What approach do you take to solve the differential equation $ y' + (6y/x) = (y^3)/ x^5\ $ through the use of Bernoulli's method?
I've assumed u = y^(-2) for substitution, but I don't know where to go from there.
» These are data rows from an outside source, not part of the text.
Section Isomorphism.
Variables (skew : bool) (T T' : finType) (e : rel T) (e' : rel T').
Variables (f : T -> T') (g : T' -> T).
Hypotheses (fK : cancel f g) (gK : cancel g f) (hom : forall x y, e' (f x) (f y) = e x y).

Lemma card_preimset_can (S : {set T'}) : #|f @^-1: S| = #|S|.
Proof. by rewrite -(can2_imset_pre _ gK fK) (card_imset _ (can_inj gK)). Qed.

Lemma white_nbrs_preimset (S : {set T'}) u :
  white_nbrs e (f @^-1: S) (g u) = f @^-1: white_nbrs e' S u.
Proof. by apply/setP=> x; rewrite !inE -hom gK. Qed.

Lemma forces_preimset (S : {set T'}) u v :
  forces skew e' S u v -> forces skew e (f @^-1: S) (g u) (g v).
Proof.
case/and4P=> uS vS euv wu; apply/and4P.
by rewrite white_nbrs_preimset card_preimset_can !inE -hom !gK.
Qed.

Lemma forcing_set_preimset (S : {set T'}) :
  forcing_set skew e' S -> forcing_set skew e (f @^-1: S).
Proof.
case/connectP=> p; elim: p S => [|C p IH] S /=.
  by move=> _ <-; rewrite preimsetT forcing_setT.
case/andP=> /force_stepP[u [v [uv ->]]] pC lastC.
apply: forcing_set_step (forces_preimset uv) _.
have -> : g v |: f @^-1: S = f @^-1: (v |: S).
  by apply/setP=> x; rewrite !inE (can2_eq fK gK).
exact: IH pC lastC.
Qed.

Lemma forcing_number_le_iso : forcing_number skew e <= forcing_number skew e'.
Proof.
have [S zS <-] := min_forcing_set skew e'.
by rewrite -card_preimset_can forcing_number_le ?forcing_set_preimset.
Qed.

End Isomorphism.

Lemma eq_forcing_number (skew : bool) (T : finType) (e e' : rel T) :
  e =2 e' -> forcing_number skew e = forcing_number skew e'.
Proof.
move=> ee'; apply/eqP; rewrite eqn_leq.
by rewrite !(@forcing_number_le_iso _ _ _ _ _ id id) // => x y; rewrite ee'.
Qed.

Definition no_isolated {T : finType} (e : rel T) : Prop := forall x, exists y, e x y.

Lemma connected_no_isolated (T : finType) (e : rel T) :
  connected_graph e -> 1 < #|T| -> no_isolated e.
Proof.
move=> conn T2 x; have [y yx] : exists y, y != x.
  have /card_gt0P[y] : 0 < #|[set~ x]| by rewrite cardsC1; lia.
  by rewrite !inE; exists y.
case/connectP: (conn x y) => -[|z p] /=; first by move=> _ yx'; rewrite yx' eqxx in yx.
by case/andP=> xz _ _; exists z.
Qed.

Section Join.
Variables (skew : bool) (T1 T2 : finType) (eA : rel T1) (eB : rel T2).
Local Notation J := (gjoin eA eB).
Implicit Types (S : {set T1 + T2}) (R : {set T1}).

Definition lpart (S : {set T1 + T2}) : {set T1} := [set a | inl a \in S].
Definition rpart (S : {set T1 + T2}) : {set T2} := [set b | inr b \in S].
Definition lift_l (R : {set T1}) : {set T1 + T2} :=
  [set x | if x is inl a then a \in R else true].

Lemma card_sum_set (P : pred (T1 + T2)) :
  #|[set x | P x]| = #|[set a | P (inl a)]| + #|[set b | P (inr b)]|.
Proof. by rewrite !cardsE -!sum1_card big_sumType. Qed.

Lemma card_lpart_rpart S : #|S| = #|lpart S| + #|rpart S|.
Proof. by rewrite -card_sum_set; apply: eq_card => x; rewrite inE. Qed.

Lemma card_white_nbrs_inl S a :
  #|white_nbrs J S (inl a)| = #|white_nbrs eA (lpart S) a| + #|~: rpart S|.
Proof. by rewrite card_sum_set; congr (_ + _); apply: eq_card => x; rewrite !inE. Qed.

Lemma card_white_nbrs_inr S b :
  #|white_nbrs J S (inr b)| = #|~: lpart S| + #|white_nbrs eB (rpart S) b|.
Proof. by rewrite card_sum_set; congr (_ + _); apply: eq_card => x; rewrite !inE. Qed.
(* Let $\mathfrak f$ be the free complex Lie algebra on $m$ generators $x_1,\dots,x_m$, $V=\langle x_1,\dots,x_m\rangle$, $\mathfrak f=\bigoplus_{n\ge1}\mathfrak f_n$ its degree decomposition, and $\mathfrak f_{\ge k}=\bigoplus_{n\ge k}\mathfrak f_n$. (1) If $\mathfrak h\subset\mathfrak f$ is a verbal ideal containing $\mathfrak f_{\ge\nu+1}$, then the ideal $\mathfrak h/\mathfrak f_{\ge\nu+1}\subset\mathfrak f/\mathfrak f_{\ge\nu+1}=\mathfrak n_{m,\nu}$ is $\mathrm{GL}(V)$-invariant. (2) If all multiplicities $m_\lambda$ in the decomposition $\mathfrak f/\mathfrak f_{\ge\nu+1}=\bigoplus m_\lambda V_\lambda$ into irreducible $\mathrm{GL}(V)$-representations are at most $1$, then there are only finitely many verbal ideals $\mathfrak h\subset\mathfrak f$ containing $\mathfrak f_{\ge\nu+1}$. (3) The verbal ideals $\mathfrak h\subset\mathfrak f$ with $\mathfrak f_{\ge\nu+1}\subset\mathfrak h\subset\mathfrak f_{\ge\nu}$ are precisely the ideals of the form $U\oplus\mathfrak f_{\ge\nu+1}$ with $U$ a $\mathrm{GL}(V)$-invariant subspace of $\mathfrak f_\nu$.
   Context: An ideal $\mathfrak h$ of $\mathfrak f$ is verbal if $\varphi(\mathfrak h)\subset\mathfrak h$ for every Lie algebra endomorphism $\varphi$ of $\mathfrak f$. $\mathrm{GL}(V)$ acts on $\mathfrak f$ by extending linear automorphisms of $V$ to Lie algebra automorphisms; this preserves each $\mathfrak f_n$. $V_\lambda$ denotes the irreducible polynomial $\mathrm{GL}(V)$-representation of highest weight $\lambda$. $\mathfrak n_{m,\nu}$ is the free $\nu$-step nilpotent Lie algebra on $m$ generators. *)

From HB Require Import structures.
From mathcomp Require Import all_boot all_algebra.
From mathcomp Require Import complex.
From mathcomp Require Import reals Rstruct.
Set Implicit Arguments.
Unset Strict Implicit.
Unset Printing Implicit Defensive.
Import GRing.Theory.
Local Open Scope ring_scope.

Notation C := (Rdefinitions.R)[i].

(* Words in the letters x_1, ..., x_m and (noncommutative formal) series
   sum_w a(w) w over C: the free associative algebra C<<x_1..x_m>> (completed).
   The free Lie algebra is realised as the Lie subalgebra generated by the
   x_i (it consists of polynomials). *)
Definition word (m : nat) := seq 'I_m.
Definition series (m : nat) := word m -> C.

Definition szero (m : nat) : series m := fun _ => 0.
Definition sadd (m : nat) (a b : series m) : series m := fun w => a w + b w.
Definition sscale (m : nat) (c : C) (a : series m) : series m := fun w => c * a w.
Definition ssub (m : nat) (a b : series m) : series m := fun w => a w - b w.
Definition smul (m : nat) (a b : series m) : series m :=
  fun w => \sum_(i < (size w).+1) a (take i w) * b (drop i w).
Definition sbr (m : nat) (a b : series m) : series m := ssub (smul a b) (smul b a).
Definition sgen (m : nat) (i : 'I_m) : series m :=
  fun w => if w == [:: i] then 1 else 0.

Inductive free_lie (m : nat) : series m -> Prop :=
| fl_gen (i : 'I_m) : free_lie (sgen i)
| fl_zero : free_lie (@szero m)
| fl_add (a b : series m) : free_lie a -> free_lie b -> free_lie (sadd a b)
| fl_scale (c : C) (a : series m) : free_lie a -> free_lie (sscale c a)
| fl_br (a b : series m) : free_lie a -> free_lie b -> free_lie (sbr a b).

Definition psubset (m : nat) (S T : series m -> Prop) := forall a, S a -> T a.

Definition fdeg (m n : nat) (a : series m) : Prop :=
  free_lie a /\ forall w : word m, size w != n -> a w = 0.

Definition fge (m k : nat) (a : series m) : Prop :=
  free_lie a /\ forall w : word m, (size w < k)%N -> a w = 0.

(* (+)_{n <= nu} f_n, the canonical graded model of f / f_{>= nu+1} *)
Definition ftrunc (m nu : nat) (a : series m) : Prop :=
  free_lie a /\ forall w : word m, (nu < size w)%N -> a w = 0.

Definition is_subspace (m : nat) (S : series m -> Prop) : Prop :=
  [/\ S (@szero m),
      forall a b, S a -> S b -> S (sadd a b)
    & forall c a, S a -> S (sscale c a)].

Definition is_ideal (m : nat) (h : series m -> Prop) : Prop :=
  [/\ is_subspace h, psubset h (@free_lie m)
    & forall a b, free_lie a -> h b -> h (sbr a b)].

Definition lie_endo (m : nat) (phi : series m -> series m) : Prop :=
  [/\ forall a, free_lie a -> free_lie (phi a),
      forall a b, free_lie a -> free_lie b -> phi (sadd a b) = sadd (phi a) (phi b),
      forall c a, free_lie a -> phi (sscale c a) = sscale c (phi a)
    & forall a b, free_lie a -> free_lie b -> phi (sbr a b) = sbr (phi a) (phi b)].

Definition verbal (m : nat) (h : series m -> Prop) : Prop :=
  is_ideal h /\ forall phi, lie_endo phi -> forall a, h a -> h (phi a).

(* GL(V) acting on C<<x>> by the algebra automorphism extending
   x_i |-> sum_j g_(j,i) x_j ; coefficientwise:
   (g.a)(w) = sum_{|u| = |w|} a(u) prod_k g_(w_k, u_k). *)
Definition gl_act (m : nat) (g : 'M[C]_m) (a : series m) : series m :=
  fun w => \sum_(u : (size w).-tuple 'I_m)
             a (tval u) * \prod_(k < size w) g (tnth (in_tuple w) k) (tnth u k).

Definition gl_invariant (m : nat) (S : series m -> Prop) : Prop :=
  forall g : 'M[C]_m, g \in unitmx -> forall a, S a -> S (gl_act g a).

Definition gl_irreducible (m : nat) (W : series m -> Prop) : Prop :=
  [/\ is_subspace W, gl_invariant W, (exists2 a, W a & a <> @szero m)
    & forall U, is_subspace U -> gl_invariant U -> psubset U W ->
        psubset U (fun a => a = @szero m) \/ psubset W U].

Definition gl_isomorphic (m : nat) (W1 W2 : series m -> Prop) : Prop :=
  exists phi : series m -> series m,
   [/\ forall a, W1 a -> W2 (phi a),
       forall a b, W1 a -> W1 b -> phi (sadd a b) = sadd (phi a) (phi b),
       forall c a, W1 a -> phi (sscale c a) = sscale c (phi a),
       (forall a b, W1 a -> W1 b -> phi a = phi b -> a = b) /\
       (forall b, W2 b -> exists2 a, W1 a & phi a = b)
     & forall g : 'M[C]_m, g \in unitmx -> forall a, W1 a ->
         phi (gl_act g a) = gl_act g (phi a)].

(* M decomposes as a direct sum of irreducible GL(V)-representations,
   no two of which are isomorphic (all multiplicities m_lambda <= 1). *)
Definition multiplicity_free (m : nat) (M : series m -> Prop) : Prop :=
  exists (k : nat) (W : 'I_k -> series m -> Prop),
   [/\ forall i, gl_irreducible (W i) /\ psubset (W i) M,
       forall t, M t -> (exists2 ws : 'I_k -> series m,
           (forall i, W i (ws i)) & t = \big[@sadd m/@szero m]_(i < k) ws i),
       forall ws : 'I_k -> series m, (forall i, W i (ws i)) ->
           \big[@sadd m/@szero m]_(i < k) ws i = @szero m -> forall i, ws i = @szero m
     & forall i j, i != j -> ~ gl_isomorphic (W i) (W j)].

From HB Require Import structures.
From mathcomp Require Import all_boot all_algebra.
From mathcomp Require Import complex.
From mathcomp Require Import reals Rstruct.
From mathcomp Require Import zify.
From Stdlib Require Import FunctionalExtensionality ClassicalEpsilon Classical.
Set Implicit Arguments.
Unset Strict Implicit.
Unset Printing Implicit Defensive.
Import GRing.Theory Num.Theory.
Local Open Scope ring_scope.

(* A linear change of variables g in GL(V) extends to a Lie automorphism of f,
   so verbal ideals are GL(V)-invariant; this is (1).

   For (3), let phi be a Lie endomorphism of f and L the matrix of its
   degree-one part.  On an element of degree d, phi agrees with the linear
   substitution by L up to terms of degree > d, and phi maps f_{>= nu+1}
   into itself.  A GL(V)-invariant subspace U of f_nu is stable under the
   substitution by any matrix L, invertible or not: t |-> (L + t).u is
   polynomial of degree <= nu and L + t is invertible for all but finitely
   many t, so Lagrange interpolation at nu + 1 such t recovers L.u.  Hence
   U + f_{>= nu+1} is verbal; conversely h is U + f_{>= nu+1} for
   U = h /\ f_nu.

   For (2), a GL(V)-invariant subspace S of a multiplicity-free sum of
   irreducibles W_i contains each component of each of its elements:
   otherwise two components W_i, W_j would be related by an invariant graph,
   which Schur's lemma turns into an isomorphism W_i ~ W_j.  So a verbal
   ideal containing f_{>= nu+1} is determined by the set of W_i it contains. *)

(* The substitution x_i |-> sum_j M j i x_j of [gl_act], computed letter by
   letter.  It is defined over any commutative ring so that it can be
   evaluated at the polynomial matrix L + 'X in [gl_invariant_mx_act]. *)
Section MatrixAction.
Variables (R : comNzRingType) (m : nat).

Fixpoint mx_act (M : 'M[R]_m) (a : word m -> R) (w : word m) : R :=
  match w with
  | [::] => a [::]
  | x :: w' => \sum_(j < m) M x j * mx_act M (fun v => a (j :: v)) w'
  end.

Lemma mx_act_eq0 M w a :
  (forall v : word m, size v = size w -> a v = 0) -> mx_act M a w = 0.
Proof.
elim: w a => [|x w IH] a a0 /=; first exact: a0.
by rewrite big1 // => j _; rewrite IH ?mulr0 // => v vw; apply: a0; rewrite /= vw.
Qed.

Lemma eq_mx_act M w a b : (forall v, a v = b v) -> mx_act M a w = mx_act M b w.
Proof.
elim: w a b => [|x w IH] a b ab /=; first exact: ab.
by apply: eq_bigr => j _; rewrite (IH _ (fun v => b (j :: v))).
Qed.

End MatrixAction.

Lemma rmorph_mx_act (R S : comNzRingType) m (f : {rmorphism R -> S})
    (M : 'M[R]_m) a w :
  f (mx_act M a w) = mx_act (map_mx f M) (fun v => f (a v)) w.
Proof.
elim: w a => [|x w IH] a //=.
by rewrite rmorph_sum; apply: eq_bigr => j _; rewrite rmorphM IH mxE.
Qed.

Lemma size_mx_act_poly (R : comNzRingType) m (M : 'M[{poly R}]_m)
    (a : word m -> {poly R}) w :
  (forall i j, size (M i j) <= 2)%N -> (forall v, size (a v) <= 1)%N ->
  (size (mx_act M a w) <= (size w).+1)%N.
Proof.
move=> M_lin a_const; elim: w a a_const => [|x w IH] a a_const /=.
  exact: a_const.
apply: (leq_trans (size_sum _ _ _)); apply/bigmax_leqP => j _.
apply: (leq_trans (size_polyMleq _ _)); rewrite -subn1.
have := leq_add (M_lin x j) (IH (fun v => a (j :: v)) (fun v => a_const _)).
by move/(leq_sub2r 1); rewrite add2n subn1.
Qed.

Section SeriesAlgebra.
Variable m : nat.
Implicit Types a b : series m.

Lemma saddA : associative (@sadd m).
Proof. by move=> a b c; apply: functional_extensionality => w; apply: addrA. Qed.

Lemma saddC : commutative (@sadd m).
Proof. by move=> a b; apply: functional_extensionality => w; apply: addrC. Qed.

Lemma add0s : left_id (@szero m) (@sadd m).
Proof. by move=> a; apply: functional_extensionality => w; apply: add0r. Qed.

End SeriesAlgebra.

HB.instance Definition _ m := Monoid.isComLaw.Build (series m) (@szero m) (@sadd m)
  (@saddA m) (@saddC m) (@add0s m).

Section SeriesIdentities.
Variable m : nat.
Implicit Types a b : series m.

Lemma big_saddE (I : Type) (r : seq I) (P : pred I) (F : I -> series m) w :
  (\big[@sadd m/@szero m]_(i <- r | P i) F i) w = \sum_(i <- r | P i) F i w.
Proof. exact: (big_morph (fun s : series m => s w)). Qed.

Lemma ssubE a b : ssub a b = sadd a (sscale (-1) b).
Proof. by apply: functional_extensionality => w; rewrite /sadd /sscale mulN1r. Qed.

Lemma ssubK a b : sadd (ssub a b) b = a.
Proof. by apply: functional_extensionality => w; apply: subrK. Qed.

Lemma ssubKr a b : ssub a (ssub a b) = b.
Proof. by apply: functional_extensionality => w; apply: subKr. Qed.

Lemma ssubxx a : ssub a a = @szero m.
Proof. by apply: functional_extensionality => w; apply: subrr. Qed.

Lemma ssub_eq0 a b : ssub a b = @szero m -> a = b.
Proof.
move=> ab0; apply: functional_extensionality => w; apply/eqP.
by rewrite -subr_eq0; apply/eqP; apply: (congr1 (fun s => s w) ab0).
Qed.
The answer is y $ ((C\x^2\) + (1/8x^4))^(-.5) \ $
$\frac{dy}{dx}+6\frac{y}{x}=\frac{y^3}{x^5}$
Multiply by $\frac{1}{y^3}$
$\frac{1}{y^3}\frac{dy}{dx}+6\frac{1}{y^2x}=\frac{1}{x^5}$
Let $\frac{1}{y^2}=z$
$\frac{-2}{y^3}\frac{dy}{dx}=\frac{dz}{dx}$
$-\frac{dz}{dx}-12\frac{z}{x}=-2\frac{1}{x^5}$
$P(x)=-\frac{12}{x}$
$\int e^{-\frac{12}{x}}dx=x^{-12}$
${z}{x^{-12}}=\int \frac{1}{x^{12}}\frac{1}{x^5}dx$
${z}{x^{-12}}=-\frac{1}{16 x^{16}}+C$
$z=-\frac{1}{16x^4}+Cx^{12}$
I hope tou can continue by replacing $z=\frac {1}{y^2}$